Gaussian Mixture Models

Gaussian Mixture Models#

k-means clustering suffers from a major problem because it calculates the distance between data and the cluster centres; the clusters are necessarily circular/spherical. We can see this in the example below, where the data are skewed.

import numpy as np
import pandas as pd
import seaborn as sns
import matplotlib.pyplot as plt
from sklearn import datasets
from sklearn.cluster import KMeans

data = pd.read_csv('../data/skew.csv')

kmeans = KMeans(n_clusters=3, random_state=0).fit(data)
data['kmeans'] = kmeans.labels_

fig, ax = plt.subplots()
sns.scatterplot(x='x1', y='x2', hue='kmeans', data=data, ax=ax)
plt.show()
../_images/969bb75cbd125db36495625a2d6306a2a23740fa3e4c4a2ad6da342752ba88ae.png

It is clear to us that there are three clusters and what data points are associated with each. However, the Euclidean nature of k-means clustering means that the wrong clusters are identified.
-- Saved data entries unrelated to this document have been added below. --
(* Let $k$ be a field and $A\in\operatorname{Mat}_{n\times n}(k)$ with index $i(A)=r\ge 1$. For $i\in\{1,\dots,r\}$ put $\nu_i(A)=n-\operatorname{rk}(A^i)$. Let $A\{GD\}$ be the set of G-Drazin inverses of $A$. Then there exists a bijection $$k^{\nu_1(A)\cdot\nu_r(A)}\times k^{\nu_r(A)-\nu_1(A)}\times k^{[\nu_1(A)-1][\nu_r(A)-\nu_1(A)]}\;\longrightarrow\;A\{GD\}.$$
   Context: The index $i(A)$ of a square matrix $A$ is the smallest integer $r\ge 0$ such that $\operatorname{rk}(A^{r})=\operatorname{rk}(A^{r+1})$. A matrix $X\in\operatorname{Mat}_{n\times n}(k)$ is a G-Drazin inverse of $A$ (with $r=i(A)$) if $AXA=A$ and $XA^{r}=A^{r}X$. *)

From HB Require Import structures.
From mathcomp Require Import all_boot all_order all_algebra.
Set Implicit Arguments. Unset Strict Implicit. Unset Printing Implicit Defensive.
Import GRing.Theory.
Local Open Scope ring_scope.

Definition is_index (k : fieldType) (n : nat) (A : 'M[k]_n) (r : nat) : Prop :=
  \rank (A ^+ r) = \rank (A ^+ r.+1) /\
  (forall s : nat, (s < r)%N -> \rank (A ^+ s) <> \rank (A ^+ s.+1)).

Definition nu (k : fieldType) (n : nat) (A : 'M[k]_n) (i : nat) : nat :=
  (n - \rank (A ^+ i))%N.

Definition is_GDrazin (k : fieldType) (n : nat) (A : 'M[k]_n) (r : nat)
  (X : 'M[k]_n) : bool :=
  (A *m X *m A == A) && (X *m A ^+ r == A ^+ r *m X).

From HB Require Import structures.
From mathcomp Require Import all_boot all_order all_algebra.
From mathcomp Require Import zify.
Set Implicit Arguments. Unset Strict Implicit. Unset Printing Implicit Defensive.
Import GRing.Theory.
Local Open Scope ring_scope.

(* Since rk(A^r) = rk(A^(r+1)), the space splits as the image of A^r plus its
   kernel (Fitting decomposition), so A is similar to diag(C, N) with C
   invertible and N^r = 0.  Commuting with A^r ~ diag(C^r, 0) forces a
   G-Drazin inverse X to be block diagonal, and AXA = A then pins it down to
   X ~ diag(C^-1, Y) with NYN = N.  Writing N = L pid(rho) U with L, U
   invertible and rho = rk N, the solutions Y correspond to the block
   matrices [[1, *], [*, *]], i.e. to k^(rho q + q rho + q q) with
   q = p - rho = nu_1(A) and p = nu_r(A), a space of dimension q (p + rho). *)

Definition parametrizes (U T : Type) (g : U -> T) (P : T -> Prop) :=
  injective g /\ forall x, P x <-> exists u, g u = x.

Section Parametrizations.
Variables (U T T' : Type).

Lemma parametrizes_comp (g : U -> T) (phi : T -> T') (P : T -> Prop) (P' : T' -> Prop) :
  injective phi -> (forall x, P' x <-> exists2 y, P y & phi y = x) ->
  parametrizes g P -> parametrizes (phi \o g) P'.
Proof.
move=> phi_inj phiP [g_inj gP]; split; first exact: inj_comp.
move=> x; rewrite phiP; split=> [[y /gP [u <-] <-]|[u <-]]; first by exists u.
by exists (g u) => //; apply/gP; exists u.
Qed.

Lemma parametrizes_transport (g : U -> T) (phi : T -> T') (psi : T' -> T)
    (P : T -> Prop) (P' : T' -> Prop) :
  cancel phi psi -> cancel psi phi -> (forall y, P' (phi y) <-> P y) ->
  parametrizes g P -> parametrizes (phi \o g) P'.
Proof.
move=> phiK psiK phiP; apply: parametrizes_comp; first exact: can_inj phiK.
move=> x; split=> [P'x|[y Py <-]]; last exact/phiP.
by exists (psi x); rewrite ?psiK // -phiP psiK.
Qed.

End Parametrizations.

Lemma parametrizes_sig_bij (U : choiceType) (T : eqType) (g : U -> T) (P : pred T) :
  parametrizes g P -> exists f : U -> {x | P x}, bijective f.
Proof.
move=> [g_inj gP].
have Pg u : P (g u) by apply/gP; exists u.
have gsurj (x : {x | P x}) : exists u, g u == val x.
  by case: x => x /= /gP [u <-]; exists u.
exists (fun u => exist _ (g u) (Pg u)), (fun x => xchoose (gsurj x)).
  by move=> u; apply: g_inj; apply/eqP; apply: (xchooseP (gsurj _)).
by move=> x; apply: val_inj; apply/eqP; apply: (xchooseP (gsurj x)).
Qed.

Section RowTriples.
Variable k : fieldType.

Definition row_mx3 a b c (t : 'rV[k]_a * 'rV[k]_b * 'rV[k]_c) : 'rV[k]_(a + b + c) :=
  row_mx (row_mx t.1.1 t.1.2) t.2.

Definition row_mx3_inv a b c (v : 'rV[k]_(a + b + c)) : 'rV[k]_a * 'rV[k]_b * 'rV[k]_c :=
  (lsubmx (lsubmx v), rsubmx (lsubmx v), rsubmx v).

Lemma row_mx3K a b c : cancel (@row_mx3 a b c) (@row_mx3_inv a b c).
Proof. by case=> [[x y] z]; rewrite /row_mx3 /row_mx3_inv /= !row_mxKl !row_mxKr. Qed.

Lemma row_mx3_invK a b c : cancel (@row_mx3_inv a b c) (@row_mx3 a b c).
Proof. by move=> v; rewrite /row_mx3 /row_mx3_inv /= !hsubmxK. Qed.

Lemma row_triple_bij a b c a' b' c' : (a + b + c = a' + b' + c')%N ->
  exists h : 'rV[k]_a * 'rV[k]_b * 'rV[k]_c -> 'rV[k]_a' * 'rV[k]_b' * 'rV[k]_c',
    bijective h.
Proof.
move=> e; exists (@row_mx3_inv a' b' c' \o castmx (erefl, e) \o @row_mx3 a b c).
exists (@row_mx3_inv a b c \o castmx (erefl, esym e) \o @row_mx3 a' b' c') => t /=.
  by rewrite row_mx3_invK castmx_comp castmx_id row_mx3K.
by rewrite row_mx3_invK castmx_comp castmx_id row_mx3K.
Qed.

End RowTriples.

Section InnerInverses.
Variable k : fieldType.

Lemma pid_inner_inverse_param rho q p : (rho + q = p)%N ->
  exists g : 'rV[k]_(rho * q) * 'rV[k]_(q * rho) * 'rV[k]_(q * q) -> 'M[k]_p,
    parametrizes g (fun Z => pid_mx rho *m Z *m pid_mx rho = pid_mx rho :> 'M_p).
Proof.
case: p / => /=.
exists (fun t => block_mx 1%:M (vec_mx t.1.1) (vec_mx t.1.2) (vec_mx t.2)); split.
  move=> [[x y] z] [[x' y'] z'] /= /eq_block_mx [_].
  by move=> /(can_inj vec_mxK) -> /(can_inj vec_mxK) -> /(can_inj vec_mxK) ->.
move=> Z; rewrite pid_mx_block -[Z]submxK !mulmx_block.
rewrite !mulmx0 !mul0mx !mulmx1 !mul1mx !addr0; split=> [/eq_block_mx [-> _ _ _]|].
  by exists (mxvec (ursubmx Z), mxvec (dlsubmx Z), mxvec (drsubmx Z)); rewrite /= !mxvecK.
by case=> [[[x y] z]] /= /eq_block_mx [<- _ _ _].
Qed.

Lemma inner_inverse_param p q (N : 'M[k]_p) : (\rank N + q = p)%N ->
  exists g : 'rV[k]_(\rank N * q) * 'rV[k]_(q * \rank N) * 'rV[k]_(q * q) -> 'M[k]_p,
    parametrizes g (fun Y => N *m Y *m N = N).
Proof.
move=> /pid_inner_inverse_param [g gP].
pose L := col_ebase N; pose U := row_ebase N.
have unitL : L \in unitmx by apply: col_ebase_unit.
have unitU : U \in unitmx by apply: row_ebase_unit.
exists ((fun Z => invmx U *m Z *m invmx L) \o g).
apply: (parametrizes_transport (psi := fun Y => U *m Y *m L)) gP => [Z|Y|Z].
- by rewrite !mulmxA mulmxV // mul1mx mulmxKV.
- by rewrite !mulmxA mulVmx // mul1mx mulmxK.
have NE : N = L *m pid_mx (\rank N) *m U by rewrite mulmx_ebase.
have -> : N *m (invmx U *m Z *m invmx L) *m N =
          L *m (pid_mx (\rank N) *m Z *m pid_mx (\rank N)) *m U.
  by rewrite [in LHS]NE !mulmxA mulmxKV // mulmxK.
rewrite [N in _ = N]NE; split=> [|-> //].
by move=> /(can_inj (mulmxK unitU)) /(can_inj (mulKmx unitL)).
Qed.

End InnerInverses.

Section Powers.
Variable k : fieldType.

Lemma unitmxX n (C : 'M[k]_n) j : C \in unitmx -> C ^+ j \in unitmx.
Proof.
move=> unitC; elim: j => [|j IHj]; first by rewrite expr0 unitmx1.
by rewrite exprS unitmx_mul unitC.
Qed.

Lemma exp_block_diag_mx' m p (C : 'M[k]_m) (N : 'M[k]_p) j :
  block_mx C 0 0 N ^+ j = block_mx (C ^+ j) 0 0 (N ^+ j).
Proof.
elim: j => [|j IHj]; first by rewrite !expr0 -scalar_mx_block.
by rewrite !exprS IHj [LHS]mulmx_block !mulmx0 !mul0mx !addr0 !add0r.
Qed.

Lemma conjumxM n (V f g : 'M[k]_n) : V \in unitmx ->
  conjmx V (f *m g) = conjmx V f *m conjmx V g.
Proof. by move=> unitV; rewrite conjmxM ?inE ?stablemx_unit. Qed.

Lemma conjumxX n (V f : 'M[k]_n) j : V \in unitmx ->
  conjmx V (f ^+ j) = conjmx V f ^+ j.
Proof.
move=> unitV; elim: j => [|j IHj]; first by rewrite !expr0 conjmx_scalar ?row_free_unit.
by rewrite !exprS conjumxM // IHj.
Qed.

Lemma mxrank_conjumx n (V f : 'M[k]_n) : V \in unitmx -> \rank (conjmx V f) = \rank f.
Proof.
move=> unitV; rewrite conjumx // mxrankMfree ?row_free_unit ?unitmx_inv //.
by rewrite eqmxMfull // row_full_unit.
Qed.

End Powers.

Section GDrazin.
Variable k : fieldType.

Lemma is_GDrazin_conjmx n (V A X : 'M[k]_n) r : V \in unitmx ->
  is_GDrazin (conjmx V A) r (conjmx V X) = is_GDrazin A r X.
Proof.
move=> unitV; have conj_inj : injective (conjmx V) := can_inj (fun f => conjmxK f unitV).
by rewrite /is_GDrazin -!conjumxX // -!conjumxM // !(inj_eq conj_inj).
Qed.

Lemma is_GDrazin_block_diag m p (C : 'M[k]_m) (N : 'M[k]_p) r (X : 'M[k]_(m + p)) :
  C \in unitmx -> N ^+ r = 0 ->
  is_GDrazin (block_mx C 0 0 N) r X <->
  exists2 Y, N *m Y *m N = N & block_mx (invmx C) 0 0 Y = X.
Proof.
move=> unitC nilN; have unitCr := unitmxX r unitC.
rewrite /is_GDrazin exp_block_diag_mx' nilN; split.
  rewrite -[X]submxK !mulmx_block !mulmx0 !mul0mx !addr0 !add0r.
  case/andP=> /eqP /eq_block_mx [CXC _ _ NYN] /eqP /eq_block_mx [_ XCr CrX _].
  exists (drsubmx X) => //; congr block_mx.
  - apply: (can_inj (mulKmx unitC)); apply: (can_inj (mulmxK unitC)) => /=.
    by rewrite CXC mulmxV // mul1mx.
  - by rewrite -[RHS](mulKmx unitCr) -XCr mulmx0.
  - by rewrite -[RHS](mulmxK unitCr) CrX mul0mx.
case=> Y NYN <-; rewrite !mulmx_block !mulmx0 !mul0mx !addr0 !add0r NYN.
have commC : GRing.comm (invmx C) C by rewrite /GRing.comm -!mulmxE mulVmx ?mulmxV.
by rewrite mulmxV // mul1mx !mul0mx mulmxE (commrX r commC) -mulmxE !eqxx.
Qed.

Lemma GDrazin_conj_block_diag_param m p (C : 'M[k]_m) (N : 'M[k]_p)
    (V : 'M[k]_(m + p)) r :
  C \in unitmx -> N ^+ r = 0 -> V \in unitmx ->
  exists g : 'rV[k]_(\rank N * (p - \rank N)) * 'rV[k]_((p - \rank N) * \rank N)
             * 'rV[k]_((p - \rank N) * (p - \rank N)) -> 'M[k]_(m + p),
    parametrizes g (is_GDrazin (conjmx V (block_mx C 0 0 N)) r).
Proof.
move=> unitC nilN unitV.
have [g gP] := inner_inverse_param (subnKC (rank_leq_row N)).
exists (conjmx V \o ((fun Y => block_mx (invmx C) 0 0 Y) \o g)).
apply: (parametrizes_transport (psi := conjmx (invmx V))
          (P := is_GDrazin (block_mx C 0 0 N) r)) => [f|f|X|].
- exact: conjmxK.
- exact: conjmxVK.
- by rewrite is_GDrazin_conjmx.
apply: parametrizes_comp gP => [Y1 Y2 /eq_block_mx [] //|X].
exact: is_GDrazin_block_diag.
Qed.

End GDrazin.

Section Fitting.
Variable k : fieldType.

Lemma eqmx_mulmxX m n (V : 'M[k]_(m, n)) (A : 'M[k]_n) j :
  (V *m A :=: V)%MS -> (V *m A ^+ j :=: V)%MS.
Proof.
move=> VA; elim: j => [|j IHj]; first by rewrite expr0 mulmx1.
by rewrite exprSr mulmxA; apply: eqmx_trans (eqmxMr A IHj) VA.
Qed.

Lemma capmx_kermx_eq0 n (R : 'M[k]_n) :
  \rank (R *m R) = \rank R -> (R :&: kermx R)%MS = 0.
Proof.
move=> rkRR; have kerR_RR : (kermx R <= kermx (R *m R))%MS.
  by apply/sub_kermxP; rewrite mulmxA mulmx_ker mul0mx.
have /andP [_ kerRR_R] : (kermx R == kermx (R *m R))%MS.
  by rewrite -(mxrank_leqif_eq kerR_RR).2 !mxrank_ker rkRR.
apply/eqP/rowV0P => v; rewrite sub_capmx => /andP [/submxP [w ->] /sub_kermxP].
rewrite -mulmxA => /sub_kermxP wRR0.
exact/sub_kermxP/(submx_trans wRR0 kerRR_R).
Qed.

Lemma row_base_mul_restrictmx m n (V : 'M[k]_(m, n)) (A : 'M[k]_n) :
  stablemx V A -> row_base V *m A = restrictmx V A *m row_base V.
Proof. by move=> VA; rewrite mulmxKpV // stablemx_row_base. Qed.

Lemma row_base_mul_restrictmxX m n (V : 'M[k]_(m, n)) (A : 'M[k]_n) j :
  stablemx V A -> row_base V *m A ^+ j = restrictmx V A ^+ j *m row_base V.
Proof.
move=> VA; elim: j => [|j IHj]; first by rewrite !expr0 mulmx1 mul1mx.
by rewrite !exprSr mulmxA IHj -mulmxA row_base_mul_restrictmx // mulmxA.
Qed.

Lemma restrictmx_unit m n (V : 'M[k]_(m, n)) (A : 'M[k]_n) :
  (V *m A :=: V)%MS -> restrictmx V A \in unitmx.
Proof.
move=> VA; have stableVA : stablemx V A by rewrite VA.
rewrite -row_full_unit /row_full eqn_leq rank_leq_col /=.
have := mxrankM_maxl (restrictmx V A) (row_base V).
by rewrite -row_base_mul_restrictmx // (eqmxMr A (eq_row_base V)) VA.
Qed.

Lemma restrictmxX_eq0 m n (V : 'M[k]_(m, n)) (A : 'M[k]_n) r :
  stablemx V A -> V *m A ^+ r = 0 -> restrictmx V A ^+ r = 0.
Proof.
move=> VA VAr0; apply: (row_free_inj (row_base_free V)).
rewrite -row_base_mul_restrictmxX // mul0mx; apply/eqP; rewrite -submx0.
by rewrite (eqmxMr _ (eq_row_base V)) VAr0 sub0mx.
Qed.

Lemma row_free_col_row_base m1 m2 n (V : 'M[k]_(m1, n)) (W : 'M[k]_(m2, n)) :
  (V :&: W = 0)%MS -> row_free (col_mx (row_base V) (row_base W)).
Proof.
move=> VW0; rewrite /row_free -addsmxE.
by rewrite (adds_eqmx (eq_row_base V) (eq_row_base W)) mxrank_disjoint_sum.
Qed.

Lemma col_row_base_block_diag m1 m2 n (V : 'M[k]_(m1, n)) (W : 'M[k]_(m2, n))
    (A : 'M[k]_n) :
  stablemx V A -> stablemx W A ->
  col_mx (row_base V) (row_base W) *m A =
  block_mx (restrictmx V A) 0 0 (restrictmx W A) *m col_mx (row_base V) (row_base W).
Proof.
move=> VA WA; rewrite mul_col_mx mul_block_col !mul0mx addr0 add0r.
by rewrite !row_base_mul_restrictmx.
Qed.

Lemma fitting_decomposition n (A : 'M[k]_n) r : \rank (A ^+ r) = \rank (A ^+ r.+1) ->
  exists m p (e : (m + p = n)%N) (Q : 'M[k]_(m + p, n)) (C : 'M[k]_m) (N : 'M[k]_p),
    [/\ row_free Q, C \in unitmx, N ^+ r = 0 & Q *m A = block_mx C 0 0 N *m Q].
Proof.
move=> rkAr; set R := A ^+ r.
have AR : A *m R = R *m A by rewrite mulmxE -exprS -exprSr.
have RAR : (R *m A :=: R)%MS.
  apply/eqmxP; rewrite -(mxrank_leqif_eq _).2 -AR ?submxMl //.
  by rewrite mulmxE -exprS -rkAr.
have stableR : stablemx R A by rewrite RAR.
have stable_kerR : stablemx (kermx R) A.
  by apply/sub_kermxP; rewrite -mulmxA AR mulmxA mulmx_ker mul0mx.
have capR0 : (R :&: kermx R = 0)%MS.
  by apply: capmx_kermx_eq0; rewrite (eqmx_mulmxX r RAR).
have rkRkerR : (\rank R + \rank (kermx R) = n)%N.
  by rewrite mxrank_ker subnKC // rank_leq_row.
exists (\rank R), (\rank (kermx R)), rkRkerR, (col_mx (row_base R) (row_base (kermx R))).
exists (restrictmx R A), (restrictmx (kermx R) A); split.
- exact: row_free_col_row_base.
- exact: restrictmx_unit.
- by apply: restrictmxX_eq0; rewrite // mulmx_ker.
- exact: col_row_base_block_diag.
Qed.

End Fitting.

Unset Implicit Arguments. Set Strict Implicit.

Theorem mainTheorem12 (k : fieldType) (n : nat) (A : 'M[k]_n) (r : nat)
  (hr : is_index A r) (hr1 : (1 <= r)%N) :
  exists f : 'rV[k]_(nu A 1 * nu A r)
             * 'rV[k]_(nu A r - nu A 1)
             * 'rV[k]_((nu A 1 - 1) * (nu A r - nu A 1))
             -> {X : 'M[k]_n | is_GDrazin A r X},
    bijective f.
Proof.
case: hr => rkAr /(_ 0%N hr1); rewrite expr0 expr1 mxrank1 => rkA_neq.
have [m [p [e [Q [C [N [freeQ unitC nilN QA]]]]]]] := fitting_decomposition rkAr.
clear rkAr; move: A Q freeQ QA rkA_neq; case: n / e => A Q freeQ QA rkA_neq.
have unitQ : Q \in unitmx by rewrite -row_free_unit.
have unitQV : invmx Q \in unitmx by rewrite unitmx_inv.
have AE : A = conjmx (invmx Q) (block_mx C 0 0 N).
  by rewrite conjVmx // -mulmxA -QA mulKmx.
have rkAX j : \rank (A ^+ j) = (m + \rank (N ^+ j))%N.
  rewrite AE -conjumxX // mxrank_conjumx //.
  by rewrite exp_block_diag_mx' rank_diag_block_mx mxrank_unit ?unitmxX.
have rkN_lt : (\rank N < p)%N.
  by move: rkA_neq (rank_leq_row N); rewrite -(expr1 A) rkAX expr1; lia.
rewrite /nu !rkAX expr1 nilN mxrank0 addn0 subnDl addKn.
have [g] := GDrazin_conj_block_diag_param unitC nilN unitQV.
rewrite -AE => /parametrizes_sig_bij [f fbij].
set rho := \rank N in rkN_lt; set q := (p - rho)%N.
have dims : (q * p + (p - q) + (q - 1) * (p - q) = rho * q + q * rho + q * q)%N.
  by rewrite /q; nia.
have [h hbij] := row_triple_bij k dims.
by exists (f \o h); apply: bij_comp.
Qed.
Gaussian mixture models (GMMs) are another clustering method that also follows an expectation-maximisation algorithm. GMMs can overcome the linearity issue of k-means. Let’s see it in action.
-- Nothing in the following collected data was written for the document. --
(* Let $m,n\ge2$, let $\mathcal D$ be an $m\times n$ domino diagram, and consider the associated set of generalized domino states in $\mathbb C^m\otimes\mathbb C^n$ (with any choice of the nonzero constants $\alpha_r,\beta_c$). Suppose the graphs of these product states satisfy $G_A=\overline{G_B}$. If $\mathcal D$ contains a vertical domino of length at least $2$, then the states are not perfectly distinguishable by one-way LOCC with Alice measuring first; and if $\mathcal D$ contains a horizontal domino of length at least $2$, then they are not perfectly distinguishable by one-way LOCC with Bob measuring first.
   Context: An $m\times n$ chessboard has squares indexed by $\mathbb Z_m\times\mathbb Z_n$ and is regarded as a torus. A horizontal domino is a set of squares $(r,b+1),\dots,(r,b+s)$ (column indices mod $n$), a vertical domino is a set $(b+1,c),\dots,(b+s,c)$ (row indices mod $m$); $s$ is its length. An $m\times n$ domino diagram is a partition of the squares into dominoes. With $\{|0\rangle,\dots,|m-1\rangle\}$ and $\{|0\rangle,\dots,|n-1\rangle\}$ the standard bases of $\mathbb C^m$ (Alice) and $\mathbb C^n$ (Bob), fix a nonzero complex number $\alpha_r$ for each row $r$ and $\beta_c$ for each column $c$. The generalized domino states are obtained by assigning to each square a state: if square $(r,b+j)$, $1\le j\le s$, lies in a horizontal domino occupying $(r,b+1),\dots,(r,b+s)$, it is assigned $\sum_{k=1}^s\alpha_r^k\omega^{jk}|r\rangle\otimes|b+k\rangle$ with $\omega=e^{2\pi i/s}$; if square $(b+j,c)$ lies in a vertical domino occupying $(b+1,c),\dots,(b+s,c)$, it is assigned $\sum_{k=1}^s\beta_c^k\omega^{jk}|b+k\rangle\otimes|c\rangle$ with $\omega=e^{2\pi i/s}$. For product states $|\psi_v^A\rangle\otimes|\psi_v^B\rangle$, $G_A$ is the graph on the index set with an edge $\{u,v\}$ ($u\ne v$) iff $\langle\psi_u^A|\psi_v^A\rangle\ne0$, $G_B$ likewise with Bob's vectors, and $\overline{G}$ is the complement. One-way LOCC with Alice first: there exist positive semidefinite $Q_1,\dots,Q_N$ on Alice's space with $\sum_jQ_j=I$ and, for each $j$, positive semidefinite $R^{(j)}_1,\dots$ on Bob's space summing to $I$ (one for each state) such that $\langle\psi_l|Q_j\otimes R^{(j)}_k|\psi_l\rangle=0$ for all $j$ and $k\ne l$; with Bob first, the same with the roles of the two factors exchanged. *)

From HB Require Import structures.
From mathcomp Require Import all_boot all_order all_algebra.
Set Implicit Arguments. Unset Strict Implicit. Unset Printing Implicit Defensive.
Import Order.TTheory GRing.Theory Num.Theory.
from sklearn.mixture import GaussianMixture

gmm_data = data.drop('kmeans', axis=1)
gmm = GaussianMixture(n_components=3).fit(gmm_data)
data['gmm'] = gmm.predict(gmm_data)

fig, ax = plt.subplots()
sns.scatterplot(x='x1', y='x2', hue='gmm', data=data, ax=ax)
plt.show()
../_images/b7d0bc9d2601ec95bd20f79a076cfcc10622fd8b69f00a4806ab9c3788912285.png

The Gaussian mixture models approach can capture this skew, which is impossible in k-means. We can now look at the algorithm to understand why this is possible.